(Stored data entries)
-=-=-=-=-

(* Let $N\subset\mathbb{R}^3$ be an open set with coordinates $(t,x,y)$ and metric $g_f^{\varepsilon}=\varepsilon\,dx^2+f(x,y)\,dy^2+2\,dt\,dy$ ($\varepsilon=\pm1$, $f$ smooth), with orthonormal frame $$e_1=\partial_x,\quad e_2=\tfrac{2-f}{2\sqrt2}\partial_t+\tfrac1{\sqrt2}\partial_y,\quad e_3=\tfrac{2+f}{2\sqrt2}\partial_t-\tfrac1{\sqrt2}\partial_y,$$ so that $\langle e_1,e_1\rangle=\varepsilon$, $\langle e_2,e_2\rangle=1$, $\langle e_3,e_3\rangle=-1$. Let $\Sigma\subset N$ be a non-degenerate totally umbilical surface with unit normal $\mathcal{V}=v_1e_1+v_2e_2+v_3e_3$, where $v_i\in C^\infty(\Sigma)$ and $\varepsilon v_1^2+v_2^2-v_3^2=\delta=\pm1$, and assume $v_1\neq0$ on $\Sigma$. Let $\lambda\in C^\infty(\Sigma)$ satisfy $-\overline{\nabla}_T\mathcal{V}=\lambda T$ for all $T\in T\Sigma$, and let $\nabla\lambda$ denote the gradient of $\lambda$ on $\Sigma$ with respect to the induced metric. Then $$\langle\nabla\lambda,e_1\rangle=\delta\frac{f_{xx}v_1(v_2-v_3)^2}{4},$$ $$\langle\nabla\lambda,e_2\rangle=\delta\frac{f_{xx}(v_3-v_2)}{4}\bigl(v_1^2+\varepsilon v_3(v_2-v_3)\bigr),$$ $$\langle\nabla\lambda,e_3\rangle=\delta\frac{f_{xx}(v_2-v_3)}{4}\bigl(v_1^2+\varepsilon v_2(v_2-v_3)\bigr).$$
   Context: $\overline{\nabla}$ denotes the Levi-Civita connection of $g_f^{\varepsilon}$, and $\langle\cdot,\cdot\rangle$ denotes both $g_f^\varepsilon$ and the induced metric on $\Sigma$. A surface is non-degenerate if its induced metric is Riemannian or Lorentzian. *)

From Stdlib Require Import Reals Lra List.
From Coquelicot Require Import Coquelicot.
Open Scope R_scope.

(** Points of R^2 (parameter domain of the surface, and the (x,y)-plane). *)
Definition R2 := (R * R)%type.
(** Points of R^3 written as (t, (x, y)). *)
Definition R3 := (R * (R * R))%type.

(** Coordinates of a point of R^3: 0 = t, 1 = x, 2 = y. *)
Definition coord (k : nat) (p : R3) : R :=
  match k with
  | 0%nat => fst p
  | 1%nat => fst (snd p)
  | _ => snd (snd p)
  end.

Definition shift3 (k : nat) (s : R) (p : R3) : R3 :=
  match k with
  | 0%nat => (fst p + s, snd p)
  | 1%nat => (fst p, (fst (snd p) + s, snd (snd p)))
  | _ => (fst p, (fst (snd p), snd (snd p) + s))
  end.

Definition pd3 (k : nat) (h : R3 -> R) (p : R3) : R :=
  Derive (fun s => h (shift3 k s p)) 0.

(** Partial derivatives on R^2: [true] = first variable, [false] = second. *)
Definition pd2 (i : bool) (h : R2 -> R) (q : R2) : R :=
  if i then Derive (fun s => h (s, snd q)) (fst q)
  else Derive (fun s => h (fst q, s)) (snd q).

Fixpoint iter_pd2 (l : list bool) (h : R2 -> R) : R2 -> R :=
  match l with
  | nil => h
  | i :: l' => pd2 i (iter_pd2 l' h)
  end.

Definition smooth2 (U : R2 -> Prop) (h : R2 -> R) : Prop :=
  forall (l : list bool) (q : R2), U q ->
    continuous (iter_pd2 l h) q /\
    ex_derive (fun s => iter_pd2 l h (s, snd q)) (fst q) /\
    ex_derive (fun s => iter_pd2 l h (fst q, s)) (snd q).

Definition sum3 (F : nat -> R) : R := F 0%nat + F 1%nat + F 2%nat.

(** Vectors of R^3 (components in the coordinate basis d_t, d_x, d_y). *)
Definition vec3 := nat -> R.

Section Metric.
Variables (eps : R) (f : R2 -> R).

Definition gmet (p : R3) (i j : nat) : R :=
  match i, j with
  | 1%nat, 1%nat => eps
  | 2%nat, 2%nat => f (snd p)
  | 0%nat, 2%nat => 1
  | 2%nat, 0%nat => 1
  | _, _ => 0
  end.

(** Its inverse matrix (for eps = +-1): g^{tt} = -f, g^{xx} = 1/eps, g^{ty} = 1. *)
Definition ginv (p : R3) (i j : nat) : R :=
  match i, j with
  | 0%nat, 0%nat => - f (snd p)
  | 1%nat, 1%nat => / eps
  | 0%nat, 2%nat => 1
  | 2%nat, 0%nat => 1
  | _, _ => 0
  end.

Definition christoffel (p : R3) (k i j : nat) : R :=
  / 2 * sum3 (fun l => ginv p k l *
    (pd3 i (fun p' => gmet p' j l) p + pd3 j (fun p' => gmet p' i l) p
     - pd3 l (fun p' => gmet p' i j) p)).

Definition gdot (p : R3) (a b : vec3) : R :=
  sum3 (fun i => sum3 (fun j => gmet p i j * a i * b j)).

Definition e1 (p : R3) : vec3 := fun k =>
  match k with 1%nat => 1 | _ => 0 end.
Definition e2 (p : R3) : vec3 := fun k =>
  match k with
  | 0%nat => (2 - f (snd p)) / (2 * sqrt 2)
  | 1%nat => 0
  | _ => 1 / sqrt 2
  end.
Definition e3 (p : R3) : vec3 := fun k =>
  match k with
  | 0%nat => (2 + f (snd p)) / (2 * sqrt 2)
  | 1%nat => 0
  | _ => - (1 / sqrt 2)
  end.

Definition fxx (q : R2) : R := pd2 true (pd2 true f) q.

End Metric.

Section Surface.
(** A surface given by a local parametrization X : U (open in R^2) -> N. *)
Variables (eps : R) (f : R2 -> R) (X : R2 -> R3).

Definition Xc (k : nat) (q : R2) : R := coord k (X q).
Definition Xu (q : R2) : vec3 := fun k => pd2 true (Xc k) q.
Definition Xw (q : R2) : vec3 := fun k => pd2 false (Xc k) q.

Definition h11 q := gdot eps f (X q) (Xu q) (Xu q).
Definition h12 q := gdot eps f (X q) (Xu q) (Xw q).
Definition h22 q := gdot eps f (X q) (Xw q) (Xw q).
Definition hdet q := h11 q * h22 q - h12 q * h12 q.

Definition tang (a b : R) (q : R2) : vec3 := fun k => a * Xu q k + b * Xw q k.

-=-=-=-=-

— Prompt —
Take the entries and copy them out exactly.

— Exercise result —
(* Let $N\subset\mathbb{R}^3$ be an open set with coordinates $(t,x,y)$ and metric $g_f^{\varepsilon}=\varepsilon\,dx^2+f(x,y)\,dy^2+2\,dt\,dy$ ($\varepsilon=\pm1$, $f$ smooth), with orthonormal frame $$e_1=\partial_x,\quad e_2=\tfrac{2-f}{2\sqrt2}\partial_t+\tfrac1{\sqrt2}\partial_y,\quad e_3=\tfrac{2+f}{2\sqrt2}\partial_t-\tfrac1{\sqrt2}\partial_y,$$ so that $\langle e_1,e_1\rangle=\varepsilon$, $\langle e_2,e_2\rangle=1$, $\langle e_3,e_3\rangle=-1$. Let $\Sigma\subset N$ be a non-degenerate totally umbilical surface with unit normal $\mathcal{V}=v_1e_1+v_2e_2+v_3e_3$, where $v_i\in C^\infty(\Sigma)$ and $\varepsilon v_1^2+v_2^2-v_3^2=\delta=\pm1$, and assume $v_1\neq0$ on $\Sigma$. Let $\lambda\in C^\infty(\Sigma)$ satisfy $-\overline{\nabla}_T\mathcal{V}=\lambda T$ for all $T\in T\Sigma$, and let $\nabla\lambda$ denote the gradient of $\lambda$ on $\Sigma$ with respect to the induced metric. Then $$\langle\nabla\lambda,e_1\rangle=\delta\frac{f_{xx}v_1(v_2-v_3)^2}{4},$$ $$\langle\nabla\lambda,e_2\rangle=\delta\frac{f_{xx}(v_3-v_2)}{4}\bigl(v_1^2+\varepsilon v_3(v_2-v_3)\bigr),$$ $$\langle\nabla\lambda,e_3\rangle=\delta\frac{f_{xx}(v_2-v_3)}{4}\bigl(v_1^2+\varepsilon v_2(v_2-v_3)\bigr).$$
   Context: $\overline{\nabla}$ denotes the Levi-Civita connection of $g_f^{\varepsilon}$, and $\langle\cdot,\cdot\rangle$ denotes both $g_f^\varepsilon$ and the induced metric on $\Sigma$. A surface is non-degenerate if its induced metric is Riemannian or Lorentzian. *)

From Stdlib Require Import Reals Lra List.
From Coquelicot Require Import Coquelicot.
Open Scope R_scope.

(** Points of R^2 (parameter domain of the surface, and the (x,y)-plane). *)
Definition R2 := (R * R)%type.
(** Points of R^3 written as (t, (x, y)). *)
Definition R3 := (R * (R * R))%type.

(** Coordinates of a point of R^3: 0 = t, 1 = x, 2 = y. *)
Definition coord (k : nat) (p : R3) : R :=
  match k with
  | 0%nat => fst p
  | 1%nat => fst (snd p)
  | _ => snd (snd p)
  end.

Definition shift3 (k : nat) (s : R) (p : R3) : R3 :=
  match k with
  | 0%nat => (fst p + s, snd p)
  | 1%nat => (fst p, (fst (snd p) + s, snd (snd p)))
  | _ => (fst p, (fst (snd p), snd (snd p) + s))
  end.

Definition pd3 (k : nat) (h : R3 -> R) (p : R3) : R :=
  Derive (fun s => h (shift3 k s p)) 0.

(** Partial derivatives on R^2: [true] = first variable, [false] = second. *)
Definition pd2 (i : bool) (h : R2 -> R) (q : R2) : R :=
  if i then Derive (fun s => h (s, snd q)) (fst q)
  else Derive (fun s => h (fst q, s)) (snd q).

Fixpoint iter_pd2 (l : list bool) (h : R2 -> R) : R2 -> R :=
  match l with
  | nil => h
  | i :: l' => pd2 i (iter_pd2 l' h)
  end.

Definition smooth2 (U : R2 -> Prop) (h : R2 -> R) : Prop :=
  forall (l : list bool) (q : R2), U q ->
    continuous (iter_pd2 l h) q /\
    ex_derive (fun s => iter_pd2 l h (s, snd q)) (fst q) /\
    ex_derive (fun s => iter_pd2 l h (fst q, s)) (snd q).

Definition sum3 (F : nat -> R) : R := F 0%nat + F 1%nat + F 2%nat.

(** Vectors of R^3 (components in the coordinate basis d_t, d_x, d_y). *)
Definition vec3 := nat -> R.

Section Metric.
Variables (eps : R) (f : R2 -> R).

Definition gmet (p : R3) (i j : nat) : R :=
  match i, j with
  | 1%nat, 1%nat => eps
  | 2%nat, 2%nat => f (snd p)
  | 0%nat, 2%nat => 1
  | 2%nat, 0%nat => 1
  | _, _ => 0
  end.

(** Its inverse matrix (for eps = +-1): g^{tt} = -f, g^{xx} = 1/eps, g^{ty} = 1. *)
Definition ginv (p : R3) (i j : nat) : R :=
  match i, j with
  | 0%nat, 0%nat => - f (snd p)
  | 1%nat, 1%nat => / eps
  | 0%nat, 2%nat => 1
  | 2%nat, 0%nat => 1
  | _, _ => 0
  end.

Definition christoffel (p : R3) (k i j : nat) : R :=
  / 2 * sum3 (fun l => ginv p k l *
    (pd3 i (fun p' => gmet p' j l) p + pd3 j (fun p' => gmet p' i l) p
     - pd3 l (fun p' => gmet p' i j) p)).

Definition gdot (p : R3) (a b : vec3) : R :=
  sum3 (fun i => sum3 (fun j => gmet p i j * a i * b j)).

Definition e1 (p : R3) : vec3 := fun k =>
  match k with 1%nat => 1 | _ => 0 end.
Definition e2 (p : R3) : vec3 := fun k =>
  match k with
  | 0%nat => (2 - f (snd p)) / (2 * sqrt 2)
  | 1%nat => 0
  | _ => 1 / sqrt 2
  end.
Definition e3 (p : R3) : vec3 := fun k =>
  match k with
  | 0%nat => (2 + f (snd p)) / (2 * sqrt 2)
  | 1%nat => 0
  | _ => - (1 / sqrt 2)
  end.

Definition fxx (q : R2) : R := pd2 true (pd2 true f) q.

End Metric.

Section Surface.
(** A surface given by a local parametrization X : U (open in R^2) -> N. *)
Variables (eps : R) (f : R2 -> R) (X : R2 -> R3).

Definition Xc (k : nat) (q : R2) : R := coord k (X q).
Definition Xu (q : R2) : vec3 := fun k => pd2 true (Xc k) q.
Definition Xw (q : R2) : vec3 := fun k => pd2 false (Xc k) q.

Definition h11 q := gdot eps f (X q) (Xu q) (Xu q).
Definition h12 q := gdot eps f (X q) (Xu q) (Xw q).
Definition h22 q := gdot eps f (X q) (Xw q) (Xw q).
Definition hdet q := h11 q * h22 q - h12 q * h12 q.

Definition tang (a b : R) (q : R2) : vec3 := fun k => a * Xu q k + b * Xw q k.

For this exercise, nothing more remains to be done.